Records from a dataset
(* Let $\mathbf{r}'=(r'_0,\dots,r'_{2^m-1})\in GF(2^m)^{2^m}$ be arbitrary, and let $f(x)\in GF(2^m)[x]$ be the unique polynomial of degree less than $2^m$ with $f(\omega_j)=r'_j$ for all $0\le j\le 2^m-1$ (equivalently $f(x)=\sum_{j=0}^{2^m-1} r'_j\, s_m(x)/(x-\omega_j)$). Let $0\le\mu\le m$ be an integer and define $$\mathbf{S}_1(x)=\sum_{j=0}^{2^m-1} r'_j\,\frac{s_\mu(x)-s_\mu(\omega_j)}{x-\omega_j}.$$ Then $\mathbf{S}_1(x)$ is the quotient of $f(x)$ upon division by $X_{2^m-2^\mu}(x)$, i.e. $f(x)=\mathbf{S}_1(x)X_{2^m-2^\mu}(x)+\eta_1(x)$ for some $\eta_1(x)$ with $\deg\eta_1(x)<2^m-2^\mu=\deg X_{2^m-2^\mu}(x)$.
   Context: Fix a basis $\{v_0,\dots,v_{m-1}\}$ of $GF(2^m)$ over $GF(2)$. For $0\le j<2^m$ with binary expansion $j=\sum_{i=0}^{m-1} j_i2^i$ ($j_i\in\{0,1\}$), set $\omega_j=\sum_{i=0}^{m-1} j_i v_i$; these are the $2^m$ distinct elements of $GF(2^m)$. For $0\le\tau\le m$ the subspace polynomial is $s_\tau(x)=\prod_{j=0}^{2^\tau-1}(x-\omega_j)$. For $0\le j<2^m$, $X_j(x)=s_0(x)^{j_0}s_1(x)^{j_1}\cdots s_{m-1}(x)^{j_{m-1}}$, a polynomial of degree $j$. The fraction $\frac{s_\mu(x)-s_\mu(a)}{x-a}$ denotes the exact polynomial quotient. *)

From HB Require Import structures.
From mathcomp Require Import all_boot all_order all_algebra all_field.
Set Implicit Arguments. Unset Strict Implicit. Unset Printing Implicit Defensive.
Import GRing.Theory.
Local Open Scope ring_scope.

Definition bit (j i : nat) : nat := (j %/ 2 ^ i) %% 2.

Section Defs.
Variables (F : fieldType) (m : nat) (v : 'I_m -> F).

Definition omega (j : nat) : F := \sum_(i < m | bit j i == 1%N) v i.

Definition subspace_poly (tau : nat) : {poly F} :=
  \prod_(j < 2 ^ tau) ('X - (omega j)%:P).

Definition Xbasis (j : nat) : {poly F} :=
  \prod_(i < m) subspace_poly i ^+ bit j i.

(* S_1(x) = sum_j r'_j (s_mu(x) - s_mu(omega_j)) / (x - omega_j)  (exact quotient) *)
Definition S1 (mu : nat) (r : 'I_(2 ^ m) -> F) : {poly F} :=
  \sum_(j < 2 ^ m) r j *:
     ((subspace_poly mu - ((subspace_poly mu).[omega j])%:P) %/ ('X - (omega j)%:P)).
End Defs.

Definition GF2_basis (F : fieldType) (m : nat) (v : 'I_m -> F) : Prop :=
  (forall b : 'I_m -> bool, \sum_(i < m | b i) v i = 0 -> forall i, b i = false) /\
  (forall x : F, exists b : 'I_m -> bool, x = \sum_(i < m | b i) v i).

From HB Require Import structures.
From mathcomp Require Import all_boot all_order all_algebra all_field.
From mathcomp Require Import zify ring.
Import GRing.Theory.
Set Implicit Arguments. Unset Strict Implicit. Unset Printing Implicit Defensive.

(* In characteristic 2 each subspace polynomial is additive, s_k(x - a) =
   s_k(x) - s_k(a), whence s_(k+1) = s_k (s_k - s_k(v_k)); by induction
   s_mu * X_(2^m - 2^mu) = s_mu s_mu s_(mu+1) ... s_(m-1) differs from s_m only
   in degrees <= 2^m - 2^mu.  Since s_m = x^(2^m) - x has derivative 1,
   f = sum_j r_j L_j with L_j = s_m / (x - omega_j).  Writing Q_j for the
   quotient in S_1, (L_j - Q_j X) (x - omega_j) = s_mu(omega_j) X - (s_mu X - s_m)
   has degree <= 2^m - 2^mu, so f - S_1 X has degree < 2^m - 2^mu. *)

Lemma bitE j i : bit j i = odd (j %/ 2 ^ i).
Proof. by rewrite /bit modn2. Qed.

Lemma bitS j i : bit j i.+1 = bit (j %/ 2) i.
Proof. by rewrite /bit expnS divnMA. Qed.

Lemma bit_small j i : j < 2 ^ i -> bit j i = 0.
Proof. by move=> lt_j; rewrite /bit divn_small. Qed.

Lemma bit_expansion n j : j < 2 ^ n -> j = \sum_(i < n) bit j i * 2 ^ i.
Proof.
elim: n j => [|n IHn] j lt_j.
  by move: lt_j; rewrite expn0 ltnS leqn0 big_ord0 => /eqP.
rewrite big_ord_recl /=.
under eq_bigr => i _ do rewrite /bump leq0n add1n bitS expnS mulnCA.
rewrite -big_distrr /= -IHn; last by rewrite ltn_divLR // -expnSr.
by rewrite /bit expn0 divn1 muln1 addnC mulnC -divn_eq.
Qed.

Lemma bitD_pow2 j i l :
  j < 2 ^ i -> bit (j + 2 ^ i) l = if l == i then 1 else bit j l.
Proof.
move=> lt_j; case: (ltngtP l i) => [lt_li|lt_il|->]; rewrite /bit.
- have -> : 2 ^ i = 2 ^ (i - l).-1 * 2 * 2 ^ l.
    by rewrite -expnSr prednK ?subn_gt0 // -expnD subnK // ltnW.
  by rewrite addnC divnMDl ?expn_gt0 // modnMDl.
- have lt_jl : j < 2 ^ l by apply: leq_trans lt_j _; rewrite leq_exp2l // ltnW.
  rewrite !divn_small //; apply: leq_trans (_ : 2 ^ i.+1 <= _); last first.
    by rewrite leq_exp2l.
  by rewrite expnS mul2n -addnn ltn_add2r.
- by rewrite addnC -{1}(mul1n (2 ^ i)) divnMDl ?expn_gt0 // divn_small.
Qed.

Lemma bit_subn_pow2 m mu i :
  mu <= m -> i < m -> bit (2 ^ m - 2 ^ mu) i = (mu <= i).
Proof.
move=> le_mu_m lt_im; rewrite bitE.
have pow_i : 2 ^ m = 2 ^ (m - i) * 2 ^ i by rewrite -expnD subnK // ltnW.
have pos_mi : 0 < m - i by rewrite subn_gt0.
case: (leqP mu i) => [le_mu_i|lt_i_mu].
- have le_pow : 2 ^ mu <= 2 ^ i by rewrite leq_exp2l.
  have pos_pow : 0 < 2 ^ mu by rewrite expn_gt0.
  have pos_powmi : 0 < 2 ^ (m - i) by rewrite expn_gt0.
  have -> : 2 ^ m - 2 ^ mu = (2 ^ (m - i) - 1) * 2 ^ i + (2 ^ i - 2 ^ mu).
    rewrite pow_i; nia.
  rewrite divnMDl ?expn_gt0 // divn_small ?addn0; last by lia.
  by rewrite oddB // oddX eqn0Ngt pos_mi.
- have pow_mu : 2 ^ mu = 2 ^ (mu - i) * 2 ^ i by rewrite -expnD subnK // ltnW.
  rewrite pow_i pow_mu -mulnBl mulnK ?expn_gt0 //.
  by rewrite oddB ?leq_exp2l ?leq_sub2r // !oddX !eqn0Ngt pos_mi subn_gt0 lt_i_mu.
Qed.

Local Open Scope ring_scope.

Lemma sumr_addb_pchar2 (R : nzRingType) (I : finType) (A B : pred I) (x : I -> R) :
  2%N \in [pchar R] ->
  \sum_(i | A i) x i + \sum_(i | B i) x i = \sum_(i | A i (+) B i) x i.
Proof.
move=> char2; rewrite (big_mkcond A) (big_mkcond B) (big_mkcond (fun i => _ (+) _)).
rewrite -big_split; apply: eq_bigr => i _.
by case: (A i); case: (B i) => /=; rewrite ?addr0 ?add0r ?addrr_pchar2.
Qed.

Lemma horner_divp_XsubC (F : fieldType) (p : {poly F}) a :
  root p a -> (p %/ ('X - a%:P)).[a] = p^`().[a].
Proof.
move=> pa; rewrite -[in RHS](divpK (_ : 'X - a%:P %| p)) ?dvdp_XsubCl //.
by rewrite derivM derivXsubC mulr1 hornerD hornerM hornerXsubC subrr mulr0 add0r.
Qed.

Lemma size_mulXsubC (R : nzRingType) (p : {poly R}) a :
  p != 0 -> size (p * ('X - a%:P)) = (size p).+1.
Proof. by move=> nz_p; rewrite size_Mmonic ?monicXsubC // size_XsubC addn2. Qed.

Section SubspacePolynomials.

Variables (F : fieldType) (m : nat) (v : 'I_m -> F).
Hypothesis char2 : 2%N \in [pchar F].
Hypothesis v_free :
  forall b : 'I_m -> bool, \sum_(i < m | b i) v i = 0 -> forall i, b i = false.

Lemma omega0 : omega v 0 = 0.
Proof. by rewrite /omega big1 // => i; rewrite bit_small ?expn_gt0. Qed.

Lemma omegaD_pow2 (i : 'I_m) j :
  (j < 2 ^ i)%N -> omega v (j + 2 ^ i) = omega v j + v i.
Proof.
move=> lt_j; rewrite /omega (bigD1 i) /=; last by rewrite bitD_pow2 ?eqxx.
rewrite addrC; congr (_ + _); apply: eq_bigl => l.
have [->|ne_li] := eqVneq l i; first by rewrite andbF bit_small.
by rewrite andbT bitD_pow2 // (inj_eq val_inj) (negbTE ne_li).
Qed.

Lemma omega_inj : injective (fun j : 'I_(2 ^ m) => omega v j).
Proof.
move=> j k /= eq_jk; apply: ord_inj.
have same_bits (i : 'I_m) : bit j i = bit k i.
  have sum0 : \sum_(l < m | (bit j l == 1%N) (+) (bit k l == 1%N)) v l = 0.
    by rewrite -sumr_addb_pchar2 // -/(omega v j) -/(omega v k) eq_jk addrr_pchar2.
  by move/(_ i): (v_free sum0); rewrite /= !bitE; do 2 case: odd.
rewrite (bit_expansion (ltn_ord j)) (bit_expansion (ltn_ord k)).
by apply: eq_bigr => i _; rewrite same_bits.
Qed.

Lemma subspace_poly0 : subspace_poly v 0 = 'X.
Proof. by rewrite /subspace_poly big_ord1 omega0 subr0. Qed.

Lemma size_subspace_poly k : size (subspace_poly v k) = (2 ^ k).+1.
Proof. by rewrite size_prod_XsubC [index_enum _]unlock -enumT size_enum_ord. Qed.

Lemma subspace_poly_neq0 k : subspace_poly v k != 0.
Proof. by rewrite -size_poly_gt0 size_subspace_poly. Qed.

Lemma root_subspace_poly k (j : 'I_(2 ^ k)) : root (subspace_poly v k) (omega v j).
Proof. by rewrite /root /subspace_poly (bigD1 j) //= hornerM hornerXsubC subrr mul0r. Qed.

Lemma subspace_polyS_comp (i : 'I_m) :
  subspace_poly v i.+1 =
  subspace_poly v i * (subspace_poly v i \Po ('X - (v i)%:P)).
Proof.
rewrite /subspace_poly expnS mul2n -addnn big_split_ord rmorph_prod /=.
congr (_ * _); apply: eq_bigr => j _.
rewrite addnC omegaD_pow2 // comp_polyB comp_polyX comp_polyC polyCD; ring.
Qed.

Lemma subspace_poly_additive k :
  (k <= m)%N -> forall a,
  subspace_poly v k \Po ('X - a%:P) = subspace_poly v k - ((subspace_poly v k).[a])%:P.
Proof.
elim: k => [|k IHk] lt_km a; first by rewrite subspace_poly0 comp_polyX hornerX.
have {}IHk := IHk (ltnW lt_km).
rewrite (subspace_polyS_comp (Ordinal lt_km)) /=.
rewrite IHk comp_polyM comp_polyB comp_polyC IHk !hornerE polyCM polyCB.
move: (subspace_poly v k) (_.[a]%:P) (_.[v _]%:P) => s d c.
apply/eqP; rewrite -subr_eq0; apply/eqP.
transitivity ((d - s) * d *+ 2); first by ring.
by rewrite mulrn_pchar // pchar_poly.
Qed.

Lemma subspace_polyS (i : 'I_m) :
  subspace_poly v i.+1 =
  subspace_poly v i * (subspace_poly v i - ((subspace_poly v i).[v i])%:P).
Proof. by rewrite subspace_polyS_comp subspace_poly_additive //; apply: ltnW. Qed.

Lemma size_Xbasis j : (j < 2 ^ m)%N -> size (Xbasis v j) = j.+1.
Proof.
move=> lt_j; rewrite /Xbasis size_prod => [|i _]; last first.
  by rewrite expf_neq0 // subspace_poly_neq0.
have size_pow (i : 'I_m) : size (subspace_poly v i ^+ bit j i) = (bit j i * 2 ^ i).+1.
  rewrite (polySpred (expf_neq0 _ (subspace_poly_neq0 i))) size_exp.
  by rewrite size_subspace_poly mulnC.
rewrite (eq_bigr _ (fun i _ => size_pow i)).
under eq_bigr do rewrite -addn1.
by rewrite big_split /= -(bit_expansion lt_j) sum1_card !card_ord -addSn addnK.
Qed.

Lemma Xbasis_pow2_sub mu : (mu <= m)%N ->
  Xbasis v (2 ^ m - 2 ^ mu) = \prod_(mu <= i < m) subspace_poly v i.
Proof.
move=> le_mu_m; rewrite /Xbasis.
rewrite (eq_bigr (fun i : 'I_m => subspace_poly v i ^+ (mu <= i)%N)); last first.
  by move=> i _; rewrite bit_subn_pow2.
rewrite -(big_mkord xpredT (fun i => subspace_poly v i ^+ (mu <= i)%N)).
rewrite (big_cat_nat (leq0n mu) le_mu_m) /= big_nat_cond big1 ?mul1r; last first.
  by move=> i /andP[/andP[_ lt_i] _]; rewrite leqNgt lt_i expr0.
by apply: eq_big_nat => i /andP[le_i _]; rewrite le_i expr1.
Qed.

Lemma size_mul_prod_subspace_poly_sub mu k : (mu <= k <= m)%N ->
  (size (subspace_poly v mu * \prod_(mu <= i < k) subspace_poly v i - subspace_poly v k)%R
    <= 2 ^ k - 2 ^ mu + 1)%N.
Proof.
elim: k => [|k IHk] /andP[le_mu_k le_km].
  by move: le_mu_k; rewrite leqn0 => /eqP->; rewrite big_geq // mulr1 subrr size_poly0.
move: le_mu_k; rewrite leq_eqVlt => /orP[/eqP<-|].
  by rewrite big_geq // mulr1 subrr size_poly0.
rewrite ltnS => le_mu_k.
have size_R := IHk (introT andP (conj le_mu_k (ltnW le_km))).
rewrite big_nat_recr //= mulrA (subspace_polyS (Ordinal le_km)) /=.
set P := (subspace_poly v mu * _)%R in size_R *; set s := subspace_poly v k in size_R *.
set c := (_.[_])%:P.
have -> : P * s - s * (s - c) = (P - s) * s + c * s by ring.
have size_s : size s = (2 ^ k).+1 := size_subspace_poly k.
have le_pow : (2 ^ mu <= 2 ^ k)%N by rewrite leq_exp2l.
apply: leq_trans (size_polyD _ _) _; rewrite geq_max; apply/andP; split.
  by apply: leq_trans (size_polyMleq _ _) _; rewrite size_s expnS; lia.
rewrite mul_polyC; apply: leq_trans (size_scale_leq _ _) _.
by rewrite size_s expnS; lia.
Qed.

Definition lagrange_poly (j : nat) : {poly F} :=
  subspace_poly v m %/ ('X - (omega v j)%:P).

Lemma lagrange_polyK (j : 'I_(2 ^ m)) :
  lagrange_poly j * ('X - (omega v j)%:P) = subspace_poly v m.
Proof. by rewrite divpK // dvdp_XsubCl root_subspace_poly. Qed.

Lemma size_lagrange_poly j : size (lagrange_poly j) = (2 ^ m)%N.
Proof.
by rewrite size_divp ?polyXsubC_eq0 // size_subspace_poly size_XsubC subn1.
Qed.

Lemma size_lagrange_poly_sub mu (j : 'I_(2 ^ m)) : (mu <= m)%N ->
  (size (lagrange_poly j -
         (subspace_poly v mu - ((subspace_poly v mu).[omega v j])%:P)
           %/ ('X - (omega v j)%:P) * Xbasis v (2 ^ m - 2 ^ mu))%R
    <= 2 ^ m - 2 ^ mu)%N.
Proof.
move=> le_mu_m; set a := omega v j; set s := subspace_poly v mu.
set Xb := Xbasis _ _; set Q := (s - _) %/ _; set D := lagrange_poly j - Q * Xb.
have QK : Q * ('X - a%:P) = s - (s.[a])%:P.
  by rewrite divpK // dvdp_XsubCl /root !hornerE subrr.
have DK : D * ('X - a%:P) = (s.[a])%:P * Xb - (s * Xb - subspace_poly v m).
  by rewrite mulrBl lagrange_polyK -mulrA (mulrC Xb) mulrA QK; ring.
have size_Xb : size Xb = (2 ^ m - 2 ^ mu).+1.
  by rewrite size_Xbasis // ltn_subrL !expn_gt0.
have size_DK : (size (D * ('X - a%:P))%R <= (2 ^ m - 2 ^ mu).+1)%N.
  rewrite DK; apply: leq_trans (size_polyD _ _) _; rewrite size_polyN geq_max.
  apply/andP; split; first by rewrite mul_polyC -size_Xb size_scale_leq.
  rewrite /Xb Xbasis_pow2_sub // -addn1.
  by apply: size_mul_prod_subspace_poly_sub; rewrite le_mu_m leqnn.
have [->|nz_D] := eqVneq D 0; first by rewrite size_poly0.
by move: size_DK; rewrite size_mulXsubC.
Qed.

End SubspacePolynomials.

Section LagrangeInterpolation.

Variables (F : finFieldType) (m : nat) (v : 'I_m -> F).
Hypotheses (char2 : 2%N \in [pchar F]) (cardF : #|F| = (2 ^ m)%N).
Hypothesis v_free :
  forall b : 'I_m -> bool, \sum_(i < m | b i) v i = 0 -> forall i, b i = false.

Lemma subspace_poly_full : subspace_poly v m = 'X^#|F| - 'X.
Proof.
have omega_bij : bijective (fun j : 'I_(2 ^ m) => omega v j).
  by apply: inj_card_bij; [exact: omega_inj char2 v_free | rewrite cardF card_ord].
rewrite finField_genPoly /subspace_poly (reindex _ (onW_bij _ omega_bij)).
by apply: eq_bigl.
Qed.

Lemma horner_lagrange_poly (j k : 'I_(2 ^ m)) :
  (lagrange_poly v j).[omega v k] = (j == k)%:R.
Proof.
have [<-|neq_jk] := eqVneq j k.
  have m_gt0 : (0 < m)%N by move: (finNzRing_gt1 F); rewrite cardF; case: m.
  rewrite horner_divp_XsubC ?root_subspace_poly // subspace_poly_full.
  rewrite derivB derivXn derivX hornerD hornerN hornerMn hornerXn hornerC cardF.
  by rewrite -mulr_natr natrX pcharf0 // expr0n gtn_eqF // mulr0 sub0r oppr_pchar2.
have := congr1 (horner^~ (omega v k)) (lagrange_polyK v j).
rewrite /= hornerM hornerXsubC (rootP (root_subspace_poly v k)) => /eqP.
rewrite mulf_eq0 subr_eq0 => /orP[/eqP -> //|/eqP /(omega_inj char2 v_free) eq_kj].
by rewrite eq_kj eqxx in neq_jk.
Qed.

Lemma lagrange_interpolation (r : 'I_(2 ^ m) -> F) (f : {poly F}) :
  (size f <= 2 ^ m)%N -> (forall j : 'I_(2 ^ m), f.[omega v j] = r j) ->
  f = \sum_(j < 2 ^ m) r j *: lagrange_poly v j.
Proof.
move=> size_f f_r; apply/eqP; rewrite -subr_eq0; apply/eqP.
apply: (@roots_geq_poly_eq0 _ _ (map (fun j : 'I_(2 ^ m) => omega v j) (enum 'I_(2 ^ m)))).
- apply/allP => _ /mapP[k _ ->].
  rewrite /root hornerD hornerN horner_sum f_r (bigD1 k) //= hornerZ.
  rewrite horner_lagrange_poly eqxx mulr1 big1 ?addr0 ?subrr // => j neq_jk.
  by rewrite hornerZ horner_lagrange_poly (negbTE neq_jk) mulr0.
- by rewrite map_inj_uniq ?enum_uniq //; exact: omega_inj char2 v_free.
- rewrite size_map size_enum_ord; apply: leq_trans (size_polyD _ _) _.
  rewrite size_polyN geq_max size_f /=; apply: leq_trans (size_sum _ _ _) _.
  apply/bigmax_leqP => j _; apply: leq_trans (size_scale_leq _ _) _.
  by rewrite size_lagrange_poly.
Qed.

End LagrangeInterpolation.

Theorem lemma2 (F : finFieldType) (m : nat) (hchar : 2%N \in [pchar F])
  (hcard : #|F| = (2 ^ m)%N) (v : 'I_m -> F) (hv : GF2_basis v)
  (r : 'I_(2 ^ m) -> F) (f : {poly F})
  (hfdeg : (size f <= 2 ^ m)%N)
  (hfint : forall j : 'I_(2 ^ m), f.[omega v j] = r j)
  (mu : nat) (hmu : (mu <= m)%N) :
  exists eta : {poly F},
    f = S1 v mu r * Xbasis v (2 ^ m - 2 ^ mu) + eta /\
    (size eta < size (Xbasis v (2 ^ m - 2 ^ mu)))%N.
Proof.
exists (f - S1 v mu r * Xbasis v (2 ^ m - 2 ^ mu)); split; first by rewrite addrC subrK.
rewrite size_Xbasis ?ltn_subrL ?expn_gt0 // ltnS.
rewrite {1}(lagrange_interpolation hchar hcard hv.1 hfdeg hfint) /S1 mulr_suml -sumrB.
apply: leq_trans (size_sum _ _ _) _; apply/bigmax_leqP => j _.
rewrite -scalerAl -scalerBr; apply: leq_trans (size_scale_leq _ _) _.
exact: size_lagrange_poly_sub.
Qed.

▸ TASK PROMPT
Taking the entries above, write out exactly each line from the one holding "f = \sum_(j" to the one holding "rewrite /root hornerD", both included, and stop there.

▸ ANSWER SPACE
  f = \sum_(j < 2 ^ m) r j *: lagrange_poly v j.
Proof.
move=> size_f f_r; apply/eqP; rewrite -subr_eq0; apply/eqP.
apply: (@roots_geq_poly_eq0 _ _ (map (fun j : 'I_(2 ^ m) => omega v j) (enum 'I_(2 ^ m)))).
- apply/allP => _ /mapP[k _ ->].
  rewrite /root hornerD hornerN horner_sum f_r (bigD1 k) //= hornerZ.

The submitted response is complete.